— Без риска игра не игра… — Горн кивнула нам и вышла.
— Здравствуй, Алексей, — властное лицо старухи покрывали глубокие, точно прорезанные нитками, морщины. Зачесанные наверх пегие волосы слиплись в нарост, напоминавший древесный гриб-чагу. Дряблые уши заканчивались крупными мочками, похожими на размокший хлебный мякиш.
— Здравствуйте, Валентина Григорьевна.
Услышав свое имя, старуха удивленно подняла вылезшие седые брови:
— Это Полина тебя просветила?
— Она рассказала, что это вы утаили Книгу Смысла.
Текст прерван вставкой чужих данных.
(* Let $n\ge 2$. For $0\le k\le n-2$, $$a(n,k)={\left[ n \atop n-k\right]}_2 .$$
   Context: $A_n$ is the alternating group on $\{1,\dots,n\}$, $T(A_n)=\{(1\,2)(i\,j)\mid 1\le i<j\le n\}$, $\ell_{T(A_n)}(v)=\min\{r\ge 0\mid v=t_1\cdots t_r,\ t_i\in T(A_n)\}$, and $a(n,k)$ is the number of $v\in A_n$ with $\ell_{T(A_n)}(v)=k$. The 2-restricted unsigned Stirling number of the first kind ${\left[ n \atop j\right]}_2$ is the number of permutations of $\{1,\dots,n\}$ with exactly $j$ cycles (fixed points counted) in which $1$ and $2$ lie in distinct cycles. *)

From mathcomp Require Import all_boot all_order all_fingroup all_solvable.
Set Implicit Arguments. Unset Strict Implicit. Unset Printing Implicit Defensive.

(* Points 1,2 of {1,...,n} are the ordinals with values 0,1 of 'I_n. *)

(* T(A_n) = {(1 2)(i j) | 1 <= i < j <= n}.  In MathComp, (s * t)%g applies s
   first, so the function (1 2)∘(i j) is (tperm i j * tperm x y)%g. *)
Definition TA (n : nat) : {set 'S_n} :=
  [set s : 'S_n | [exists x : 'I_n, exists y : 'I_n, exists i : 'I_n,
     exists j : 'I_n,
     [&& val x == 0%N, val y == 1%N, (i < j)%N & s == (tperm i j * tperm x y)%g]]].

Definition prodT (n r : nat) (v : 'S_n) : bool :=
  [exists t : r.-tuple 'S_n,
     all (fun s => s \in TA n) t && (v == (\prod_(s <- t) s)%g)].

Definition lenT_eq (n : nat) (v : 'S_n) (k : nat) : bool :=
  prodT k v && [forall r : 'I_k, ~~ prodT r v].

Definition a_nk (n k : nat) : nat :=
  #|[set v in ('Alt_('I_n))%g | lenT_eq v k]|.

Definition stirling1_2 (n j : nat) : nat :=
  #|[set s : 'S_n | (#|porbits s| == j) &&
      [exists x : 'I_n, exists y : 'I_n,
         [&& val x == 0%N, val y == 1%N & porbit s x != porbit s y]]]|.

From mathcomp Require Import all_boot all_order all_fingroup all_solvable.
From mathcomp Require Import zify.
Set Implicit Arguments. Unset Strict Implicit. Unset Printing Implicit Defensive.
Local Open Scope group_scope.

(* Write t = (1 2) and tlen s = n - #cycles(s) for the length of s with
   respect to all transpositions.  Every element of T(A_n) has the form (i j) t,
   and multiplying v by it raises min (tlen v) (tlen (t v)) by at most one,
   because t (i j) t is again a transposition.  So the T(A_n)-length of an even
   v is at least this minimum, and splitting cycles greedily shows that it is
   attained.  Finally v |-> (if 1 and 2 share a cycle of v then t v else v) is
   a bijection from A_n onto the permutations in which 1 and 2 lie in distinct
   cycles, and it sends the minimum to tlen of the image. *)

Section TranspositionLength.

Variable T : finType.
Implicit Types (s : {perm T}) (x y : T).

Definition ncycles s := #|porbits s|.
Definition tlen s := #|T| - ncycles s.

Lemma ncycles_le s : ncycles s <= #|T|.
Proof. exact: leq_imset_card. Qed.

Lemma ncycles1 : ncycles 1 = #|T|.
Proof.
rewrite /ncycles /porbits card_imset // => a b /eqP.
by rewrite eq_porbit_mem => /porbitP [i]; rewrite expg1n perm1.
Qed.

Lemma tlen1 : tlen 1 = 0.
Proof. by rewrite /tlen ncycles1 subnn. Qed.

Lemma ncycles_mul_tperm x y s :
  ncycles (tperm x y * s) + (x \notin porbit s y).*2 = ncycles s + (x != y).
Proof. exact: porbits_mul_tperm. Qed.

Lemma tlen_eq_ncycles k s : k <= #|T| -> (tlen s == k) = (ncycles s == #|T| - k).
Proof. by have := ncycles_le s; rewrite /tlen => ? ?; apply/eqP/eqP; lia. Qed.

Lemma tlen_mul_tperm_le x y s : tlen (tperm x y * s) <= (tlen s).+1.
Proof.
have [->|neq_xy] := eqVneq x y; first by rewrite tperm1 mul1g.
have := ncycles_mul_tperm x y s; have := ncycles_le s.
have := ncycles_le (tperm x y * s); rewrite /tlen neq_xy.
by case: (x \in _) => /=; lia.
Qed.

(* Multiplying by the transposition (p, s p) splits the cycle through p. *)
Lemma tlen_split s : s != 1 -> exists x y, x != y /\ tlen (tperm x y * s) < tlen s.
Proof.
move=> s_neq1; have [p sp_neq_p] : exists p, s p != p.
  apply/existsP; apply: contraR s_neq1 => /existsPn fix_s.
  by apply/eqP/permP => z; rewrite perm1; apply/eqP/negPn.
exists p, (s p); split; first by rewrite eq_sym.
have := ncycles_mul_tperm p (s p) s.
rewrite porbit_sym (mem_porbit s 1) eq_sym sp_neq_p.
have := ncycles_le (tperm p (s p) * s); rewrite /tlen /=; lia.
Qed.

Lemma tlen_eq0 s : (tlen s == 0) = (s == 1).
Proof.
apply/idP/idP => [|/eqP->]; last by rewrite tlen1.
by apply: contraLR => /tlen_split [x [y [_ lt_s]]]; rewrite -lt0n (leq_ltn_trans _ lt_s).
Qed.

Lemma porbit_mul_tperm_sep x y s : x != y ->
  (porbit (tperm x y * s) x != porbit (tperm x y * s) y) = (porbit s x == porbit s y).
Proof.
move=> neq_xy; have := ncycles_mul_tperm x y s.
have := ncycles_mul_tperm x y (tperm x y * s); rewrite tpermKg !eq_porbit_mem neq_xy.
case: (x \in porbit s y) (x \in porbit _ y) => [] [] /=; lia.
Qed.

End TranspositionLength.

Lemma mul_tperm_conj (T : finType) (x y p q : T) :
  tperm x y * tperm (tperm x y p) (tperm x y q) = tperm p q * tperm x y.
Proof. by rewrite -tpermJ conjgE tpermV !mulgA tperm2 mul1g. Qed.

Section TwistedLength.

Variables (T : finType) (x y : T).
Local Notation t := (tperm x y).
Implicit Types (v : {perm T}) (p q : T).

(* For an even v this is the length of v with respect to {(p q) t}. *)
Definition tlen_twist v := minn (tlen v) (tlen (t * v)).

Lemma tlen_twist_mul_tperm v : tlen_twist (t * v) = tlen_twist v.
Proof. by rewrite /tlen_twist tpermKg minnC. Qed.

Lemma tlen_twist_mul_le p q v : tlen_twist (tperm p q * t * v) <= (tlen_twist v).+1.
Proof.
have le_t : tlen (tperm p q * t * v) <= (tlen (t * v)).+1.
  by rewrite -mulgA tlen_mul_tperm_le.
have le_tt : tlen (t * (tperm p q * t * v)) <= (tlen v).+1.
  have := mul_tperm_conj x y (t p) (t q); rewrite !tpermK => conj_pq.
  by rewrite !mulgA conj_pq -!mulgA tpermKg tlen_mul_tperm_le.
rewrite /tlen_twist; lia.
Qed.

Lemma tlen_twist_split v : 0 < tlen_twist v ->
  exists p q, p != q /\ tlen_twist (tperm p q * v) < tlen_twist v.
Proof.
rewrite /tlen_twist; case: (leqP (tlen v) (tlen (t * v))) => _ pos.
  have [|p [q [neq_pq lt_pq]]] := tlen_split (s := v); first by rewrite -tlen_eq0 -lt0n.
  by exists p, q; split=> //; apply: leq_ltn_trans (geq_minl _ _) lt_pq.
have [|p [q [neq_pq lt_pq]]] := tlen_split (s := t * v); first by rewrite -tlen_eq0 -lt0n.
exists (t p), (t q); split; first by rewrite (inj_eq perm_inj).
by rewrite mulgA mul_tperm_conj -mulgA; apply: leq_ltn_trans (geq_minr _ _) lt_pq.
Qed.

End TwistedLength.

Section Separation.

Variables (T : finType) (x y : T).
Hypothesis neq_xy : x != y.
Local Notation t := (tperm x y).
Implicit Types (s v : {perm T}).

Definition separate v := if porbit v x == porbit v y then t * v else v.

Lemma separate_sep v : porbit (separate v) x != porbit (separate v) y.
Proof.
by rewrite /separate; case: ifP => [sep_v | /negbT //]; rewrite porbit_mul_tperm_sep.
Qed.

Lemma tlen_separate v : tlen (separate v) = tlen_twist x y v.
Proof.
have := ncycles_mul_tperm x y v; have := ncycles_le v; have := ncycles_le (t * v).
rewrite /separate /tlen_twist /tlen eq_porbit_mem neq_xy.
case: (x \in porbit v y) => /=; lia.
Qed.

Lemma odd_separate v : ~~ odd_perm v ->
  odd_perm (separate v) = (porbit v x == porbit v y).
Proof.
by move=> /negbTE ev; rewrite /separate; case: ifP => _; rewrite ?odd_permM ?odd_tperm ?neq_xy ev.
Qed.

Lemma separate_inj v1 v2 : ~~ odd_perm v1 -> ~~ odd_perm v2 ->
  separate v1 = separate v2 -> v1 = v2.
Proof.
move=> ev1 ev2 eq12; have same12 : (porbit v1 x == porbit v1 y) = (porbit v2 x == porbit v2 y).
  by rewrite -odd_separate // eq12 odd_separate.
by move: eq12; rewrite /separate same12; case: ifP => // _; apply: mulgI.
Qed.

Definition unseparate s := if odd_perm s then t * s else s.

Lemma unseparate_even s : ~~ odd_perm (unseparate s).
Proof.
by rewrite /unseparate; case: ifP => [odd_s | /negbT //]; rewrite odd_permM odd_tperm neq_xy odd_s.
Qed.

Lemma unseparateK s : porbit s x != porbit s y -> separate (unseparate s) = s.
Proof.
move=> sep_s; rewrite /unseparate; case: ifP => _; rewrite /separate.
  have := porbit_mul_tperm_sep s neq_xy; rewrite (negbTE sep_s) => /negbFE ->.
  exact: tpermKg.
by rewrite (negbTE sep_s).
Qed.

Lemma card_even_tlen_twist k :
  #|[set v | ~~ odd_perm v & tlen_twist x y v == k]| =
  #|[set s | porbit s x != porbit s y & tlen s == k]|.
Proof.
have sep_im : [set s | porbit s x != porbit s y & tlen s == k] =
              separate @: [set v | ~~ odd_perm v & tlen_twist x y v == k].
  apply/setP => s; rewrite inE; apply/andP/imsetP => [[sep_s tlen_s] | [v]].
    exists (unseparate s); last by rewrite unseparateK.
    by rewrite inE unseparate_even -tlen_separate unseparateK.
  by rewrite inE => /andP[_ /eqP<-] ->; rewrite separate_sep tlen_separate eqxx.
rewrite sep_im card_in_imset // => v1 v2; rewrite !inE => /andP[ev1 _] /andP[ev2 _].
exact: separate_inj.
Qed.

End Separation.

Section AlternatingLength.

Variables (n : nat) (x y : 'I_n).
Hypotheses (x0 : val x = 0) (y1 : val y = 1%N).
Local Notation t := (tperm x y).

Lemma neq_xy : x != y.
Proof. by apply/eqP => eq_xy; move: y1; rewrite -eq_xy x0. Qed.

Lemma TA_tperm g : g \in TA n -> exists i j, g = tperm i j * t.
Proof.
rewrite inE => /existsP[x' /existsP[y' /existsP[i /existsP[j]]]].
case/and4P=> /eqP x'0 /eqP y'1 _ /eqP ->; exists i, j.
by congr (_ * tperm _ _); apply: val_inj; rewrite ?x'0 ?y'1.
Qed.

Lemma mem_TA i j : i != j -> tperm i j * t \in TA n.
Proof.
wlog lt_ij : i j / i < j => [wlog_ij neq_ij | _].
  have [/wlog_ij|/wlog_ij|/val_inj eq_ij] := ltngtP i j; last by rewrite eq_ij eqxx in neq_ij.
    exact.
  by rewrite tpermC eq_sym; apply.
rewrite inE; apply/existsP; exists x; apply/existsP; exists y.
by apply/existsP; exists i; apply/existsP; exists j; rewrite x0 y1 lt_ij !eqxx.
Qed.

Lemma prodT0 : prodT 0 (1 : 'S_n).
Proof. by apply/existsP; exists [tuple]; rewrite /= big_nil eqxx. Qed.

Lemma prodT_mul r g v : g \in TA n -> prodT r v -> prodT r.+1 (g * v).
Proof.
move=> TAg /existsP[s /andP[TAs /eqP ->]]; apply/existsP; exists (cons_tuple g s).
by rewrite /= TAg TAs big_cons eqxx.
Qed.

Lemma prodT_tlen_twist_le r v : prodT r v -> tlen_twist x y v <= r.
Proof.
case/existsP=> [[l /= /eqP<-]] /andP[+ /eqP->]; elim: l => [|g l IH].
  by rewrite big_nil /tlen_twist tlen1 min0n.
case/andP => /TA_tperm[i [j ->]] /IH le_l; rewrite big_cons.
by apply: leq_trans (tlen_twist_mul_le x y i j (\prod_(s <- l) s)) _; rewrite ltnS.
Qed.

Lemma prodT_tlen_twist v : ~~ odd_perm v -> prodT (tlen_twist x y v) v.
Proof.
have [m] := ubnP (tlen_twist x y v); elim: m v => // m IH v lt_vm ev.
case: (posnP (tlen_twist x y v)) => [len0 | pos].
  rewrite len0; suff -> : v = 1 by exact: prodT0.
  apply/eqP; move/eqP: len0; rewrite /tlen_twist; case: leqP => _; rewrite tlen_eq0 //.
  by move/eqP=> tv1; move: ev; rewrite -(tpermKg x y v) tv1 mulg1 odd_tperm neq_xy.
have [p [q [neq_pq lt_pq]]] := tlen_twist_split pos.
set w := t * (tperm p q * v).
have ew : ~~ odd_perm w by rewrite !odd_permM !odd_tperm neq_xy neq_pq (negbTE ev).
have len_w : tlen_twist x y w = tlen_twist x y (tperm p q * v) by rewrite tlen_twist_mul_tperm.
have eq_v : v = tperm p q * t * w by rewrite /w -mulgA !tpermKg.
have := tlen_twist_mul_le x y p q w; rewrite -eq_v len_w => le_v.
have -> : tlen_twist x y v = (tlen_twist x y w).+1 by apply/eqP; rewrite eqn_leq len_w le_v lt_pq.
rewrite {1}eq_v; apply: prodT_mul; first exact: mem_TA.
by apply: IH => //; rewrite len_w (leq_trans lt_pq lt_vm).
Qed.

Lemma lenT_eq_tlen_twist v k : ~~ odd_perm v -> lenT_eq v k = (tlen_twist x y v == k).
Proof.
move=> ev; apply/andP/eqP => [[/prodT_tlen_twist_le le_k /forallP min_k] | <-].
  apply/eqP; rewrite eqn_leq le_k leqNgt; apply/negP => lt_k.
  by have := min_k (Ordinal lt_k); rewrite prodT_tlen_twist.
split; first exact: prodT_tlen_twist.
by apply/forallP => r; apply/negP => /prodT_tlen_twist_le; rewrite leqNgt ltn_ord.
Qed.

End AlternatingLength.

Theorem theorem9p2 (n k : nat) :
  (2 <= n)%N -> (k <= n - 2)%N -> a_nk n k = stirling1_2 n (n - k).
Proof.
move=> n_ge2 k_le; pose x : 'I_n := Ordinal (ltnW n_ge2); pose y : 'I_n := Ordinal n_ge2.
have a_eq : a_nk n k = #|[set v | ~~ odd_perm v & tlen_twist x y v == k]|.
  rewrite /a_nk; apply: eq_card => v; rewrite [LHS]inE Alt_even !inE.
  by apply: andb_id2l => ev; apply: lenT_eq_tlen_twist.
rewrite a_eq card_even_tlen_twist //; apply: eq_card => s.
rewrite !inE andbC tlen_eq_ncycles card_ord; last exact: leq_trans k_le (leq_subr 2 n).
congr andb; apply/idP/existsP => [sep_s | [x' /existsP[y' /and3P[/eqP x'0 /eqP y'1]]]].
  by exists x; apply/existsP; exists y; rewrite !eqxx.
have -> : x' = x by apply: val_inj; rewrite x'0.
by have -> : y' = y by apply: val_inj; rewrite y'1.
Qed.
Lemma exps_eqb_sound env l1 l2 :
  exps_eqb l1 l2 = true -> mono_eval env l1 = mono_eval env l2.
Proof.
  revert l2 env; induction l1 as [|e l1 IH]; intros [|f l2] env h.
  - reflexivity.
  - change (forallb (Nat.eqb 0) (f :: l2) = true) in h.
    rewrite (mono_eval_zeros env _ h); reflexivity.
  - change (forallb (Nat.eqb 0) (e :: l1) = true) in h.
    rewrite (mono_eval_zeros env _ h); reflexivity.
  - simpl in h |- *; apply andb_prop in h as [he h]; apply Nat.eqb_eq in he.
    rewrite <- (mpow_exp_red _ e), he, mpow_exp_red, (IH l2 _ h); reflexivity.
Qed.

Definition mnf_eqb (r s : mnf) : bool :=
  if mnf_zero r then mnf_zero s
  else negb (mnf_zero s) && Bool.eqb (mnf_sign r) (mnf_sign s)
       && exps_eqb (mnf_exps r) (mnf_exps s).

Lemma meval_eq_of_mnf_eqb env t u :
  mnf_eqb (mnormalize t) (mnormalize u) = true -> meval env t = meval env u.
Proof.
  rewrite !mnormalize_sound; unfold mnf_eqb, mnf_eval.
  destruct (mnf_zero (mnormalize t)), (mnf_zero (mnormalize u)); simpl;
    intro h; try discriminate; try reflexivity.
  apply andb_prop in h as [hs h]; apply Bool.eqb_prop in hs.
  rewrite hs, (exps_eqb_sound env _ _ h); reflexivity.
Qed.

End CubeMonoidNormalization.

Section Multiring.

Variables (A : Type) (add : A -> A -> A -> Prop) (mul : A -> A -> A)
  (neg : A -> A) (zero one : A).
Hypothesis HM : is_multiring add mul neg zero one.

Lemma add_congr x y z x' y' z' :
  add x y z -> x = x' -> y = y' -> z = z' -> add x' y' z'.
Proof. intros h -> -> ->; exact h. Qed.

Lemma add_exists x y : exists z, add x y z.
Proof. exact (mr_add_nonempty HM x y). Qed.

Lemma addC x y z : add x y z -> add y x z.
Proof. apply (mr_comm HM). Qed.

Lemma add_mul a b c d : add a b c -> add (mul a d) (mul b d) (mul c d).
Proof. apply (mr_distr HM). Qed.

Lemma add_rev1 x y z : add x y z -> add z (neg y) x.
Proof. apply (mr_rev1 HM). Qed.

Lemma add_rev2 x y z : add x y z -> add (neg x) z y.
Proof. apply (mr_rev2 HM). Qed.

Lemma add0 x : add zero x x.
Proof. apply (mr_zero HM); reflexivity. Qed.

Lemma add_opp x : add x (neg x) zero.
Proof. exact (add_rev1 (add0 x)). Qed.

Lemma opp_unique x y : add x y zero -> y = neg x.
Proof. intro h; apply (mr_zero HM), addC, add_rev2, h. Qed.

Lemma oppK x : neg (neg x) = x.
Proof. symmetry; apply opp_unique, addC, add_opp. Qed.

Lemma opp_mul_m1 x : neg x = mul (neg one) x.
Proof.
  symmetry; apply opp_unique.
  pose proof (add_mul x (add_opp one)) as h.
  rewrite (mr_mul1 HM), (mr_mulC HM zero), (mr_mul0 HM) in h; exact h.
Qed.

Lemma m1_sqr : mul (neg one) (neg one) = one.
Proof. rewrite <- opp_mul_m1; apply oppK. Qed.

Lemma add_opp_opp x y z : add x y z -> add (neg x) (neg y) (neg z).
Proof.
  intro h; pose proof (add_mul (neg one) h) as h'.
  rewrite !(mr_mulC HM _ (neg one)), <- !opp_mul_m1 in h'; exact h'.
Qed.

Lemma add_assocl x y z t w :
  add x y t -> add t z w -> exists s, add y z s /\ add x s w.
Proof. intros h1 h2; apply (mr_assoc HM); eauto. Qed.

Lemma add_assocr x y z s w :
  add y z s -> add x s w -> exists t, add x y t /\ add t z w.
Proof. intros h1 h2; apply (mr_assoc HM); eauto. Qed.

Lemma add_medial x y z w t u v :
  add x y t -> add z w u -> add t u v ->
  exists t' u', add x z t' /\ add y w u' /\ add t' u' v.
Proof.
  intros ht hu hv.
  destruct (add_assocl ht hv) as [s [hs hv']].
  destruct (add_assocr hu hs) as [r [hr hs']].
  destruct (add_assocl (addC hr) hs') as [q [hq hs'']].
  destruct (add_assocr hs'' hv') as [t' [ht' hv'']].
  exists t', q; auto.
Qed.

Section RealReduced.

Hypotheses (mul_cube : forall a, mul a (mul a a) = a)
  (add_absorb : forall a b c, add a (mul a (mul b b)) c -> c = a)
  (add_sqr_single : forall a b c d,
     add (mul a a) (mul b b) c -> add (mul a a) (mul b b) d -> c = d).

Ltac inList x xs :=
  match xs with [] => false | x :: _ => true | _ :: ?xs => inList x xs end.
Ltac lookup x xs :=
  match xs with x :: _ => O | _ :: ?xs => let n := lookup x xs in constr:(S n) end.
Ltac mvars xs e :=
  match e with
  | mul ?a ?b => let xs := mvars xs a in mvars xs b
  | neg ?a => mvars xs a
  | one => xs
  | zero => xs
  | _ => match inList e xs with true => xs | false => constr:(e :: xs) end
  end.
Ltac mreify xs e :=
  match e with
  | one => constr:(MOne)
  | zero => constr:(MZero)
  | neg ?a => let t := mreify xs a in constr:(MNeg t)
  | mul ?a ?b => let t := mreify xs a in let u := mreify xs b in constr:(MMul t u)
  | _ => let n := lookup e xs in constr:(MVar n)
  end.

Ltac mon_eq :=
  lazymatch goal with |- ?x = ?y =>
    let xs := mvars (@nil A) x in let xs := mvars xs y in
    let t := mreify xs x in let u := mreify xs y in
    change (meval mul neg zero one xs t = meval mul neg zero one xs u);
    apply (meval_eq_of_mnf_eqb mul neg (mr_mulA HM) (mr_mulC HM) (mr_mul1 HM) (mr_mul0 HM)
             mul_cube opp_mul_m1 m1_sqr);
    vm_compute; reflexivity
  end.

Ltac add_from h := refine (add_congr h _ _ _); mon_eq.

Lemma add_self_eq a t : add a a t -> t = a.
Proof. intro h; apply (add_absorb (a := a) (b := one)); add_from h. Qed.

Lemma add_absorb_mem a b : add a (mul a (mul b b)) a.
Proof.
  destruct (add_exists a (mul a (mul b b))) as [t h].
  pose proof (add_absorb h); subst t; exact h.
Qed.

(* For c in 1 + x, regrouping c^2 in c + c x gives c^2 in (1 + x^2) + (x + x)
   = 1 + x, and then 1 in 1 + c^2 is contained in (1 + 1) + x = 1 + x. *)
Lemma one_add x : add one x one.
Proof.
  destruct (add_exists one x) as [c hc].
  assert (hcc : add c (mul c x) (mul c c)) by add_from (add_mul c hc).
  assert (hcx : add (mul x x) x (mul c x)) by add_from (addC (add_mul x hc)).
  destruct (add_medial hc hcx hcc) as [t [u [ht [hu hcc']]]].
  assert (t = one) by (apply (add_absorb (a := one) (b := x)); add_from ht); subst t.
  apply add_self_eq in hu; subst u.
  assert (h1 : add one (mul c c) one) by add_from (add_absorb_mem one c).
  destruct (add_assocr hcc' h1) as [s [hs h]].
  apply add_self_eq in hs; subst s; exact h.
Qed.

Lemma add_mul_absorb a x : add a (mul a x) a.
Proof. add_from (add_mul a (one_add x)). Qed.

Lemma one_opp_add y : add one (neg one) y.
Proof.
  pose proof (add_opp_opp (add_rev2 (one_add (neg y)))) as h.
  rewrite !oppK in h; exact h.
Qed.

Lemma mul_mem_diff g y : add g (neg g) (mul g y).
Proof. add_from (add_mul g (one_opp_add y)). Qed.

Lemma diff_add_closed g p q w :
  add g (neg g) p -> add g (neg g) q -> add p q w -> add g (neg g) w.
Proof.
  intros hp hq hw.
  destruct (add_medial hp hq hw) as [t [u [ht [hu hw']]]].
  apply add_self_eq in ht; apply add_self_eq in hu; subst t u; exact hw'.
Qed.

Lemma mem_diff_fixed g z : mul g g = g -> add g (neg g) z -> mul g z = z.
Proof.
  intros hgg hz.
  assert (hgz : add g (neg g) (mul (neg g) z)).
  { replace (mul (neg g) z) with (mul g (neg z)) by mon_eq; apply mul_mem_diff. }
  pose proof (diff_add_closed (mul_mem_diff g z) hgz (add_mul z hz)) as hzz.
  pose proof (add_rev1 hzz) as hg; rewrite oppK in hg.
  assert (habs : add (mul z z) (mul (mul z z) (mul g g)) (mul g (mul z z))).
  { rewrite hgg; add_from (add_mul (mul z z) hg). }
  apply add_absorb in habs.
  transitivity (mul (mul g (mul z z)) z); [mon_eq|]; rewrite habs; mon_eq.
Qed.

Lemma fixed_add_closed g u v y :
  mul g g = g -> mul g u = u -> mul g v = v -> add u v y -> mul g y = y.
Proof.
  intros hgg hu hv hy; apply (mem_diff_fixed hgg).
  rewrite <- hu, <- hv in hy.
  exact (diff_add_closed (mul_mem_diff g u) (mul_mem_diff g v) hy).
Qed.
— Точно, утаила, — с удовольствием подтвердила старуха. — Что еще?
— Ваша дочь в моей читальне была… — сказал я и сразу пожалел. Старуха могла не знать о гибели Селивановой, и горькая новость была бы для нее ударом.
— Мне сообщили, что Марго нет в живых. Я не переживаю. Скоро я потеряю всякий ум и возможность скорбеть. Но я бы не хотела, чтобы ты держал на нее обиду. Это ведь я посоветовала Марго оставить тебя библиотекарем у широнинцев… — Старуха поежилась, словно от холода. — Наплывает. На мысли, — пожаловалась она. — Душное, белое, как вата. Скоро совсем накроет… Болезнь берет свое… Будь добр, — в голосе старухи прозвенело раздражение, — не косись так на мои телеса! Мне неприятно…
Я поспешно отвернулся к стене и спросил:
— Валентина Григорьевна, ведь это вы прислали мне Книгу Смысла?
На распятых руках под желатиновой трясущейся кожей вспухли и погасли напрягшиеся мускульные желваки.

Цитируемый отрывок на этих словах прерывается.